> **Work order**
Reproduce the line that contains "set (g := exp" and every line after it through the end of the records, exactly, with nothing added.

> **Stored items**
(* Both [c + sqrt (c^2 - 1)] and [exp x] have product [1] with their conjugates. *)
Lemma cosh_le_of_le_arcosh (x c : R) : 0 <= x -> 1 <= c -> x <= arcosh c -> cosh x <= c.
Proof.
  intros Hx Hc Hle. unfold cosh. rewrite exp_Ropp.
  set (q := exp x). set (e := c + sqrt (c * c - 1)). set (e' := c - sqrt (c * c - 1)).
  assert (Hq : q <= e).
  { unfold q, e. rewrite <- exp_arcosh by lra.
    destruct Hle as [Hlt| ->]; [left; apply exp_increasing|]; lra. }
  assert (Hq1 : 1 <= q) by (unfold q; rewrite <- exp_0; destruct Hx as [Hx|<-]; [left; apply exp_increasing|]; lra).
  pose proof (sqrt_sq_sub1 c Hc). pose proof (sqrt_pos (c * c - 1)).
  assert (Hee : e * e' = 1) by (unfold e, e'; nra).
  assert (Hqq : q * / q = 1) by (field; lra).
  assert (0 < / q) by (apply Rinv_0_lt_compat; lra).
  assert (Hc2 : c = (e + e') / 2) by (unfold e, e'; lra).
  rewrite Hc2. assert (0 < e') by nra.
  assert (/ q * e' <= 1) by nra.
  nra.
Qed.

Lemma arcosh_lt_near_one (eps : R) : 0 < eps ->
  exists d, 0 < d /\ forall c, 1 <= c -> c < 1 + d -> arcosh c < eps.
Proof.
  intros Heps. assert (1 < exp eps) by (rewrite <- exp_0; apply exp_increasing; lra).
  set (g := exp eps - 1) in *. assert (0 < g) by (unfold g; lra).
  exists (Rmin 1 (g ^ 2 / 16)). split; [apply Rmin_pos; [lra | apply Rmult_lt_0_compat; [apply pow_lt |]; lra] |].
  intros c Hc Hsmall. unfold arcosh. rewrite <- (ln_exp eps). apply ln_increasing.
  - pose proof (sqrt_pos (c * c - 1)); lra.
  - replace (exp eps) with (1 + g) by (unfold g; lra).
    pose proof (sqrt_sq_sub1 c Hc). pose proof (sqrt_pos (c * c - 1)).
    set (q := sqrt (c * c - 1)) in *.
    assert (c - 1 < 1) by (pose proof (Rmin_l 1 (g ^ 2 / 16)); lra).
    assert (c - 1 < g ^ 2 / 16) by (pose proof (Rmin_r 1 (g ^ 2 / 16)); lra).
    assert (q * q < g * g / 4) by nra.
    assert (q < g / 2) by nra.
    destruct (Rle_lt_dec g 4); nra.
Qed.

(* Multiply [exp] of both sides and use the conjugates [c - sqrt (c^2 - 1)]. *)
Lemma arcosh_add (x y c : R) : 1 <= x -> 1 <= y -> 1 <= c ->
  arcosh x + arcosh y = arcosh c -> c = x * y + sqrt (x * x - 1) * sqrt (y * y - 1).
Proof.
  intros Hx Hy Hc Hsum.
  assert (Hexp : exp (arcosh x + arcosh y) = exp (arcosh c)) by now rewrite Hsum.
  rewrite exp_plus, !exp_arcosh in Hexp by assumption.
  pose proof (sqrt_sq_sub1 x Hx). pose proof (sqrt_sq_sub1 y Hy). pose proof (sqrt_sq_sub1 c Hc).
  pose proof (sqrt_pos (x * x - 1)). pose proof (sqrt_pos (y * y - 1)). pose proof (sqrt_pos (c * c - 1)).
  set (sx := sqrt (x * x - 1)) in *. set (sy := sqrt (y * y - 1)) in *. set (sc := sqrt (c * c - 1)) in *.
  assert (Hconj : (x - sx) * (y - sy) = c - sc).
  { apply (Rmult_eq_reg_l (c + sc)); [| nra].
    replace ((c + sc) * (c - sc)) with 1 by nra. rewrite <- Hexp.
    transitivity (((x + sx) * (x - sx)) * ((y + sy) * (y - sy))); [ring | nra]. }
  nra.
Qed.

> **Response to the task**
  set (g := exp eps - 1) in *. assert (0 < g) by (unfold g; lra).
  exists (Rmin 1 (g ^ 2 / 16)). split; [apply Rmin_pos; [lra | apply Rmult_lt_0_compat; [apply pow_lt |]; lra] |].
  intros c Hc Hsmall. unfold arcosh. rewrite <- (ln_exp eps). apply ln_increasing.
  - pose proof (sqrt_pos (c * c - 1)); lra.
  - replace (exp eps) with (1 + g) by (unfold g; lra).
    pose proof (sqrt_sq_sub1 c Hc). pose proof (sqrt_pos (c * c - 1)).
    set (q := sqrt (c * c - 1)) in *.
    assert (c - 1 < 1) by (pose proof (Rmin_l 1 (g ^ 2 / 16)); lra).
    assert (c - 1 < g ^ 2 / 16) by (pose proof (Rmin_r 1 (g ^ 2 / 16)); lra).
    assert (q * q < g * g / 4) by nra.
    assert (q < g / 2) by nra.
    destruct (Rle_lt_dec g 4); nra.
Qed.

(* Multiply [exp] of both sides and use the conjugates [c - sqrt (c^2 - 1)]. *)
Lemma arcosh_add (x y c : R) : 1 <= x -> 1 <= y -> 1 <= c ->
  arcosh x + arcosh y = arcosh c -> c = x * y + sqrt (x * x - 1) * sqrt (y * y - 1).
Proof.
  intros Hx Hy Hc Hsum.
  assert (Hexp : exp (arcosh x + arcosh y) = exp (arcosh c)) by now rewrite Hsum.
  rewrite exp_plus, !exp_arcosh in Hexp by assumption.
  pose proof (sqrt_sq_sub1 x Hx). pose proof (sqrt_sq_sub1 y Hy). pose proof (sqrt_sq_sub1 c Hc).
  pose proof (sqrt_pos (x * x - 1)). pose proof (sqrt_pos (y * y - 1)). pose proof (sqrt_pos (c * c - 1)).
  set (sx := sqrt (x * x - 1)) in *. set (sy := sqrt (y * y - 1)) in *. set (sc := sqrt (c * c - 1)) in *.
  assert (Hconj : (x - sx) * (y - sy) = c - sc).
  { apply (Rmult_eq_reg_l (c + sc)); [| nra].
    replace ((c + sc) * (c - sc)) with 1 by nra. rewrite <- Hexp.
    transitivity (((x + sx) * (x - sx)) * ((y + sy) * (y - sy))); [ring | nra]. }
  nra.
Qed.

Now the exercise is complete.